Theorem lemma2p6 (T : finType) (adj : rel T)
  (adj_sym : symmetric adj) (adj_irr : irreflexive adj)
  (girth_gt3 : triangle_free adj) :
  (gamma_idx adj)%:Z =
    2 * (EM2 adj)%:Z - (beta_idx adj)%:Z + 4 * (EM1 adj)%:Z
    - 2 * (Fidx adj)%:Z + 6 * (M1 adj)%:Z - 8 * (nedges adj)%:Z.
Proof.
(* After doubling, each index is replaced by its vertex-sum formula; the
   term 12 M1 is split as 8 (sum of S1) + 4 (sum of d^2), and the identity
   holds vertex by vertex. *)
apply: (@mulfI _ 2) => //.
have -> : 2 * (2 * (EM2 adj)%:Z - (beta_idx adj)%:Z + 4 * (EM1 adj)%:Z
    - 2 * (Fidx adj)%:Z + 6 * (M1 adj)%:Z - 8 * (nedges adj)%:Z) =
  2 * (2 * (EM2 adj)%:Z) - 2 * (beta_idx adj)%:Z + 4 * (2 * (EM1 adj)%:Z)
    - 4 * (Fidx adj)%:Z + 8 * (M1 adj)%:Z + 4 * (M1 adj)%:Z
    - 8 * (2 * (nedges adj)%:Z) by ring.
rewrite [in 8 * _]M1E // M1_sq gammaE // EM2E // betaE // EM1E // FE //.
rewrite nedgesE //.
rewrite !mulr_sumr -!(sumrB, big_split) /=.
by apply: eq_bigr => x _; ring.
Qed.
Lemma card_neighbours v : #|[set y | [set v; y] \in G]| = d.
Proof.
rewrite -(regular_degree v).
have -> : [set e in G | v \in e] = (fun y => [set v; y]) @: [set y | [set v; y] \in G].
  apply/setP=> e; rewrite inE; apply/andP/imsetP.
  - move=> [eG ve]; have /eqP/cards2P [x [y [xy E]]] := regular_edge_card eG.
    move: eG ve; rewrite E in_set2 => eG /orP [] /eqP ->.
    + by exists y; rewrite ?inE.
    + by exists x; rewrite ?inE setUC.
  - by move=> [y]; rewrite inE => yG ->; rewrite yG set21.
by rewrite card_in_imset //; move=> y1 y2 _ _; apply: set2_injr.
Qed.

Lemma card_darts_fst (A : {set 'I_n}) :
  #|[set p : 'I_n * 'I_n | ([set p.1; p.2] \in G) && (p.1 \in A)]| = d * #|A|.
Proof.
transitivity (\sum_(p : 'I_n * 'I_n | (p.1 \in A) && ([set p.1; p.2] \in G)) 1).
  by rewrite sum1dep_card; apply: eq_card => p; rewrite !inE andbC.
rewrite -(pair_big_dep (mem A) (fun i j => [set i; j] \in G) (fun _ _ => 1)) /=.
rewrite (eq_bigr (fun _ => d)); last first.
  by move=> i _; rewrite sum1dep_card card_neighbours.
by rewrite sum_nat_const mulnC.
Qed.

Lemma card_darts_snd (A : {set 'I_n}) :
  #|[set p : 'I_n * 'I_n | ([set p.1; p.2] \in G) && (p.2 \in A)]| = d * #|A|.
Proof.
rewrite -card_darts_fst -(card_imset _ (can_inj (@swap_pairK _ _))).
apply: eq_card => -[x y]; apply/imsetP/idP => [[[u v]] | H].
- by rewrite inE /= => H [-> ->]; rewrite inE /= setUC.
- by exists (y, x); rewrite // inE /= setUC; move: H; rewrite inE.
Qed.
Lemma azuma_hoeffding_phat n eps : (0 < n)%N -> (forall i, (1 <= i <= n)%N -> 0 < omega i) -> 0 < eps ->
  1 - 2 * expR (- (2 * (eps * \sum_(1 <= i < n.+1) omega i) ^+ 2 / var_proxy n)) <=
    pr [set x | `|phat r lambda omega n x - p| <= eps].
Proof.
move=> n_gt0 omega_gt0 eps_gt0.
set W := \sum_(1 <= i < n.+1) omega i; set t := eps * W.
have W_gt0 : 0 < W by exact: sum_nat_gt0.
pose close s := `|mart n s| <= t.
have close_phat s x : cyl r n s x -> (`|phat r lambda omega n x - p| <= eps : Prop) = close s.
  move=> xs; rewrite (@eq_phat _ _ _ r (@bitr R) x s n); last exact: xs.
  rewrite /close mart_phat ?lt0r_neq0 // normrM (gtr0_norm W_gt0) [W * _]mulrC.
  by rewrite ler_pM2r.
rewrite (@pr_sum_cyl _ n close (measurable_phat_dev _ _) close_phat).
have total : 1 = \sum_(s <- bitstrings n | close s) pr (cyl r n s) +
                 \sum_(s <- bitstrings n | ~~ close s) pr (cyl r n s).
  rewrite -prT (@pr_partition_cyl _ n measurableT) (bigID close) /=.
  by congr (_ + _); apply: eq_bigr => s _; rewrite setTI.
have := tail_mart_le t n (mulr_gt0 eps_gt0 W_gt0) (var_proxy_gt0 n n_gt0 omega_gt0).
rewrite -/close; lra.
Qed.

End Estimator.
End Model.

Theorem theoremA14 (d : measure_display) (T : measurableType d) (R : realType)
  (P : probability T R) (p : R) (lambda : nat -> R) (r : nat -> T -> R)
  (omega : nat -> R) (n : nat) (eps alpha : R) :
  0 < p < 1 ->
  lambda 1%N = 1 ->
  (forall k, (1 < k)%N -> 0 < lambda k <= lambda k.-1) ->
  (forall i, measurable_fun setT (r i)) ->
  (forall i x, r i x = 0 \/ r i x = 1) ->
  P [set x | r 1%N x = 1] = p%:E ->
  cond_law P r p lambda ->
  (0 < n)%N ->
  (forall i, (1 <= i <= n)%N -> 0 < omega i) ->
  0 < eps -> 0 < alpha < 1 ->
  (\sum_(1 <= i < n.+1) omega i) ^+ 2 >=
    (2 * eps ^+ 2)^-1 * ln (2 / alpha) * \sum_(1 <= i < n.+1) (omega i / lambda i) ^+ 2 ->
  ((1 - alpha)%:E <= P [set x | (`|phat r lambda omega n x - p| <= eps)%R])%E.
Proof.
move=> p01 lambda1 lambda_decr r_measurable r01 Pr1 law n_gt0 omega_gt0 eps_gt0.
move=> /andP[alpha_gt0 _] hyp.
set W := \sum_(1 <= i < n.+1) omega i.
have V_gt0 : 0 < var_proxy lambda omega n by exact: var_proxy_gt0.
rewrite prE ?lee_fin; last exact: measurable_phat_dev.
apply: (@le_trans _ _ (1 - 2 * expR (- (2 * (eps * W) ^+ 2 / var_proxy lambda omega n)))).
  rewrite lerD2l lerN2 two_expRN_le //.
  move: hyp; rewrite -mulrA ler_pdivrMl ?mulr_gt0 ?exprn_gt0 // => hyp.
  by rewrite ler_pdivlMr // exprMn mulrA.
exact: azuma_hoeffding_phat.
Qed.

* * *

*TASK DESCRIPTION*
Pull each line containing the word "exact" out of the data above.

*WRITTEN SOLUTION*
have W_gt0 : 0 < W by exact: sum_nat_gt0.
  move=> xs; rewrite (@eq_phat _ _ _ r (@bitr R) x s n); last exact: xs.
have V_gt0 : 0 < var_proxy lambda omega n by exact: var_proxy_gt0.
rewrite prE ?lee_fin; last exact: measurable_phat_dev.
exact: azuma_hoeffding_phat.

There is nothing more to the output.